May 2, 2016

Evaluating Online Nonprobability Surveys

Vendor choice matters; widespread errors found for estimates based on blacks and Hispanics

By Courtney Kennedy, Andrew Mercer, Scott Keeter, Nick Hatley, Kyley McGeeney and Alejandra Gimenez

As the costs and nonresponse rates of traditional, probability-based surveys seem to grow each year, the advantages of online surveys are obvious – they are fast and cheap, and the technology is pervasive. There is, however, one fundamental problem: There is no comprehensive sampling frame for the internet, no way to draw a national sample for which virtually everyone has a chance of being selected.

The absence of such a frame has led to lingering concerns about whether the fraction of the population covered by nonprobability approaches can be made to look representative of the entire population. For roughly 15 years, independent studies suggested that the answer to that question was generally “no” if the goal was to make accurate population estimates.1 Over time, though, researchers and sample vendors have developed technologies and statistical techniques aimed at improving the representativeness of online nonprobability surveys.

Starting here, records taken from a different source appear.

Lemma count_alternating_head N X x : uniq X -> size X = N.+1 -> x \in X ->
  let r := count (fun y => y < x) X in
  count (fun w => alternating true (x :: w)) (permutations (rem x X)) = entringer N r /\
  count (fun w => alternating false (x :: w)) (permutations (rem x X)) = entringer N (N - r).
Proof.
elim: N X x => [|N IH] X x uX sX hx r.
  case: X sX uX hx @r => [|a [|b X]] // _ _; rewrite inE => /eqP ->.
  by rewrite /= eqxx ltnn.
set Y := rem x X.
have uY : uniq Y by apply: rem_uniq.
have sY : size Y = N.+1 by rewrite size_rem // sX.
have hxY : x \notin Y by rewrite mem_rem_uniqF.
have rY : r = count (fun y => y < x) Y.
  by rewrite /r (seq.permP (perm_to_rem hx)) /= ltnn.
have countY := count_lt_gt_mem x Y; rewrite count_uniq_mem // (negPf hxY) sY -rY in countY.
rewrite !count_alternating_cons ?sY //; split.
- rewrite big_seq_cond.
  under eq_bigr => y /andP [hy _] do rewrite (IH Y y uY sY hy).2.
  have lt_total a b : a != b -> (a < b) || (b < a) by rewrite neq_ltn.
  rewrite -big_seq_cond rY entringerSE.
  exact: (@rank_sum _ (fun a b => a < b) ltnn ltn_trans lt_total _ _
            (fun i => entringer N (N - i))).
- rewrite big_seq_cond.
  under eq_bigr => y /andP [hy _] do rewrite (IH Y y uY sY hy).1.
  have rank_gt y : y \in Y -> count (fun z => z < y) Y = N - count (fun z => y < z) Y.
    move=> hy; have := count_lt_gt_mem y Y; rewrite count_uniq_mem // hy sY; lia.
  under eq_bigr => y /andP [hy _] do rewrite (rank_gt y hy).
  rewrite -big_seq_cond.
  have gt_irr : irreflexive (fun a b : nat => b < a) by move=> a; rewrite ltnn.
  have gt_trans : transitive (fun a b : nat => b < a).
    by move=> a b c h1 h2; apply: ltn_trans h2 h1.
  have gt_total a b : a != b -> (b < a) || (a < b) by rewrite neq_ltn orbC.
  rewrite (@rank_sum _ (fun a b => b < a) gt_irr gt_trans gt_total _ _
             (fun i => entringer N (N - i))) //.
  have -> : count (fun y => x < y) Y = N.+1 - r by lia.
  by rewrite [RHS]entringerSE.
Qed.

Lemma alternating_nth down w : alternating down w <->
  (forall i, i.+1 < size w ->
    if down (+) odd i then nth 0 w i.+1 < nth 0 w i else nth 0 w i < nth 0 w i.+1).
Proof.
elim: w down => [|x [|y w] IH] down //=; split.
- case/andP => hxy /IH alt_w [|i] hi; first by rewrite addbF.
  by have := alt_w i hi; rewrite addbN addNb.
- move=> h; apply/andP; split; first by have := h 0 isT; rewrite addbF.
  by apply/IH => i hi; have := h i.+1 hi; rewrite /= addbN addNb.
Qed.

Definition perm_seq N (s : 'S_N) : seq nat := [seq val (s i) | i <- enum 'I_N].

Lemma size_perm_seq N (s : 'S_N) : size (perm_seq s) = N.
Proof. by rewrite size_map size_enum_ord. Qed.

Lemma nth_perm_seq N (s : 'S_N) (i : 'I_N) : nth 0 (perm_seq s) i = s i.
Proof. by rewrite (nth_map i) ?size_enum_ord // nth_ord_enum. Qed.

Lemma perm_seq_inj N : injective (@perm_seq N).
Proof.
move=> s1 s2 eq_s; apply/permP => i; apply: val_inj.
by rewrite /= -!nth_perm_seq eq_s.
Qed.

Several recent case studies suggest a future (some would argue a present) in which researchers need not have an expensive, probability-based sample to make accurate population estimates.2

Key elements of the study

9 online nonprobability samples
Comparison with an RDD-recruited panel
56 measures including 20 benchmarks

Estimated bias on full sample results
Estimated bias on subgroup results
Estimated accuracy of regression models
Demographic profile by sample
Political profile by sample
Variability of estimates across samples

To better understand the current landscape of commercially available online nonprobability samples, Pew Research Center conducted a study in which an identical 56-item questionnaire was administered to nine samples supplied by eight different vendors.

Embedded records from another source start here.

End Arrays.

(* Local rank property for E: for every p in Gamma, rho_p(f) >= E(p), where
   rho_p(f) = rho_{P_p}(x) for the permutation array P_p with
   M_p = \overline{P_p} and x associated to f. *)
Definition local_rank_ge (R : realType) (G : mgraph R) (r : nat)
  (Sig : set (fn G)) (f : fn G) (E : seq (gpoint G)) : Prop :=
  forall p : gpoint G,
    exists P : {set {ffun tdir p -> 'I_r.+1}},
      [/\ perm_array P,
          (forall x, local_array Sig x <-> in_closure P x) &
          exists2 x, assoc Sig f x &
            exists2 s : int, rankable (upset P x) s & eff E p <= s].

From mathcomp Require Import all_boot all_order all_algebra.
From mathcomp Require Import boolp classical_sets reals.
From mathcomp Require Import zify.
Set Implicit Arguments.
Unset Strict Implicit.
Unset Printing Implicit Defensive.
Import Order.TTheory GRing.Theory Num.Theory.
Local Open Scope ring_scope.

(* At a point p with a tangent direction eta, let x be associated to f and
   let s = rho_p(f) = rank P[x].  Since the eta-coordinate takes s + 1
   values on P[x], some y in P[x] has y_eta >= x_eta + s.  As y lies in
   M_p, it is associated to some g in Sigma, and because slopes are listed
   increasingly, sl_eta'(g) >= sl_eta'(f) + (y_eta' - x_eta') in every
   direction eta'.  Summing, div(f)(p) >= div(g)(p) + s, hence
   D(p) + div(f)(p) >= D(p) + div(g)(p) + s >= s >= E(p).  A point without
   tangent directions has div = 0 for every function, and condition (1)
   applied to r copies of p gives D(p) >= r >= E(p). *)

Lemma size_uniq_int_itv (s : seq int) (a b : int) :
  a <= b -> uniq s -> (forall t, t \in s -> a <= t < b) -> (size s)%:Z <= b - a.
Proof.
move=> le_ab uniq_s s_itv.
pose s' := map (fun t => `|t - a|%N) s.
have uniq_s' : uniq s'.
  rewrite map_inj_in_uniq // => u v /s_itv u_itv /s_itv v_itv; lia.
have s'_sub : {subset s' <= iota 0 `|b - a|%N}.
  move=> n /mapP[t /s_itv t_itv ->]; rewrite mem_iota add0n; lia.
have := uniq_leq_size uniq_s' s'_sub; rewrite size_iota size_map; lia.
Qed.

Lemma kth_gap (S : set int) (i j : nat) (a b : int) :
  kth S i a -> kth S j b -> (i <= j)%N -> a + (j - i)%N%:Z <= b.
Proof.
move=> [Sa [la [uniq_la size_la la_below]]] [Sb [lb [uniq_lb size_lb lb_below]]] le_ij.
have le_ab : a <= b.
  rewrite leNgt; apply/negP => lt_ba.
  have uniq_blb : uniq (b :: lb).
    by rewrite /= uniq_lb andbT; apply/negP => /lb_below[_]; rewrite ltxx.
  have sub : {subset b :: lb <= la}.
    move=> t; rewrite inE => /orP[/eqP-> | /lb_below[St lt_tb]]; apply/la_below.
      by [].
    by split=> //; apply: lt_trans lt_ba.
  by have := uniq_leq_size uniq_blb sub; rewrite /= size_lb size_la; lia.
have below_a : size (filter (< a) lb) = i.
  rewrite -size_la; apply/perm_size/uniq_perm; rewrite ?filter_uniq //.
  move=> t; rewrite mem_filter; apply/andP/idP.
    by case=> lt_ta /lb_below[St _]; apply/la_below.
  move=> /la_below[St lt_ta]; split=> //; apply/lb_below; split=> //.
  exact: lt_le_trans le_ab.
have from_a : (size (filter (predC (< a)) lb))%:Z <= b - a.
  apply: size_uniq_int_itv => //; first by rewrite filter_uniq.
  by move=> t; rewrite mem_filter /= -leNgt => /andP[-> /lb_below[_ ->]].
have := count_predC (< a) lb; rewrite -!size_filter below_a size_lb.
move: from_a; lia.
Qed.

Section Arrays.
Variables (T : finType) (r : nat).
Local Notation A := {ffun T -> 'I_r.+1}.

Lemma card_coord_image_le (U : {set A}) (i : T) (lo hi : nat) :
  (forall z, z \in U -> lo <= z i <= hi)%N ->
  (#|(fun z : A => z i) @: U| <= (hi - lo).+1)%N.
Proof.
move=> U_itv; rewrite cardE -(size_map val) -[(hi - lo).+1](size_iota lo).
apply: uniq_leq_size; first by rewrite map_inj_uniq ?enum_uniq //; apply: val_inj.
move=> n /mapP[k]; rewrite mem_enum => /imsetP[z /U_itv z_itv ->] ->.
move: z_itv; rewrite mem_iota /=; lia.
Qed.

Lemma upset_coord_gap (P : {set A}) (x : A) (s : int) (i : T) :
  rankable (upset P x) s -> 0 <= s ->
  exists2 y, y \in upset P x & s <= (y i - x i)%N%:Z.
Proof.
move=> rank_s s_ge0; have card_s := rank_s i.
have [y0 y0U] : exists y0, y0 \in upset P x.
  apply/set0Pn/negP => /eqP U0; move: card_s; rewrite U0 imset0 cards0; lia.
have [y yU y_max] := @arg_maxnP _ y0 (mem (upset P x)) (fun z : A => val (z i)) y0U.
exists y => //.
have U_itv : forall z, z \in upset P x -> (x i <= z i <= y i)%N.
  move=> z zU; have := y_max z zU; move: zU; rewrite inE => /andP[_ /forallP/(_ i)].
  by move=> -> /=.
have := card_coord_image_le U_itv; move: card_s (U_itv y yU); lia.
Qed.

End Arrays.

Section Slopes.
Variables (R : realType) (G : mgraph R).

Lemma divf_no_tangent (p : gpoint G) (f : fn G) : #|{: tdir p}| = 0 -> divf f p = 0.
Proof.
by move=> no_tan; rewrite /divf big1 ?oppr0 // => eta _; move: no_tan; rewrite (cardD1 eta).
Qed.

Lemma tls_no_tangent_rank_le (r : nat) (D : gpoint G -> int) (Sig : set (fn G))
    (p : gpoint G) :
  tls r D Sig -> #|{: tdir p}| = 0 -> r%:Z <= D p.
Proof.
move=> [_ _ _ exists_E _] no_tan.
have [g _ /(_ p)] := exists_E (nseq r p) (size_nseq _ _).
by rewrite divf_no_tangent // addr0 /eff count_nseq /= eqxx mul1n.
Qed.

Variables (r : nat) (Sig : set (fn G)) (p : gpoint G).

Lemma assoc_sl_gap (f g : fn G) (x y : {ffun tdir p -> 'I_r.+1}) :
  assoc Sig f x -> assoc Sig g y -> cw_le x y ->
  forall eta, sl f eta + (y eta - x eta)%N%:Z <= sl g eta.
Proof. by move=> fx gy /forallP x_le_y eta; apply: kth_gap (fx eta) (gy eta) _. Qed.

Lemma divf_assoc_gap (f g : fn G) (x y : {ffun tdir p -> 'I_r.+1}) (eta0 : tdir p) :
  assoc Sig f x -> assoc Sig g y -> cw_le x y ->
  divf g p + (y eta0 - x eta0)%N%:Z <= divf f p.
Proof.
move=> fx gy x_le_y.
have gap_le : (y eta0 - x eta0)%N%:Z <= \sum_(eta : tdir p) (y eta - x eta)%N%:Z.
  by rewrite (bigD1 eta0) //= lerDl sumr_ge0.
have sum_le : \sum_(eta : tdir p) sl f eta + \sum_(eta : tdir p) (y eta - x eta)%N%:Z
                <= \sum_(eta : tdir p) sl g eta.
  by rewrite -big_split /= ler_sum // => eta _; apply: assoc_sl_gap.
rewrite /divf; move: gap_le sum_le; lia.
Qed.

Nearly all of the questions (52) were also asked on waves of the Center’s probability-based American Trends Panel (ATP), which is conducted predominantly online but features mail response for adults who do not have internet access. The samples were evaluated using a range of metrics, including estimated bias on 20 full sample survey estimates for which high quality government benchmarks are available, estimated bias for major demographic subgroup estimates, and predictive accuracy of four different regression models. Among the most important findings of this study are the following:

  • Online nonprobability surveys are not monolithic. The study finds, as a starting point, that the methods used to create online nonprobability samples are highly variable. The vendors differ substantially in how they recruit participants, select samples and field surveys. They also differ in whether and how they weight their data. These design differences appear to manifest in the samples’ rankings on various data quality metrics. In general, samples with more elaborate sampling and weighting procedures and longer field periods produced more accurate results. That said, our data come from just nine samples, so the effects of these factors are not well isolated, making these particular conclusions preliminary at best.
Notable differences in data quality across online samples
  • Some biases are consistent across online samples, others are not. All the samples evaluated include more politically and civically engaged individuals than benchmark sources indicate should be present. The biases on measures of volunteering and community problem-solving were very large, while those on political engagement were more modest. Despite concerns about measurement error on these items, it is accepted that these errors are real because several studies have documented a link between cooperation with surveys and willingness to engage in volunteer activities.3

There is also evidence, though less consistent, that online nonprobability samples tilt more toward certain lifestyles. Most of the samples have disproportionately high shares of adults who do  not have children, live alone, collect unemployment benefits and are low-income. In some respects, this squares with a stereotype one might imagine for people who find time to participate in  online survey panels, perhaps akin to a part-time job. On other dimensions, however, the online nonprobabilty estimates are either quite accurate (e.g., have a driver’s license or length of time  at current residence) or the biases are not in a consistent direction across the samples (e.g., daily smoking).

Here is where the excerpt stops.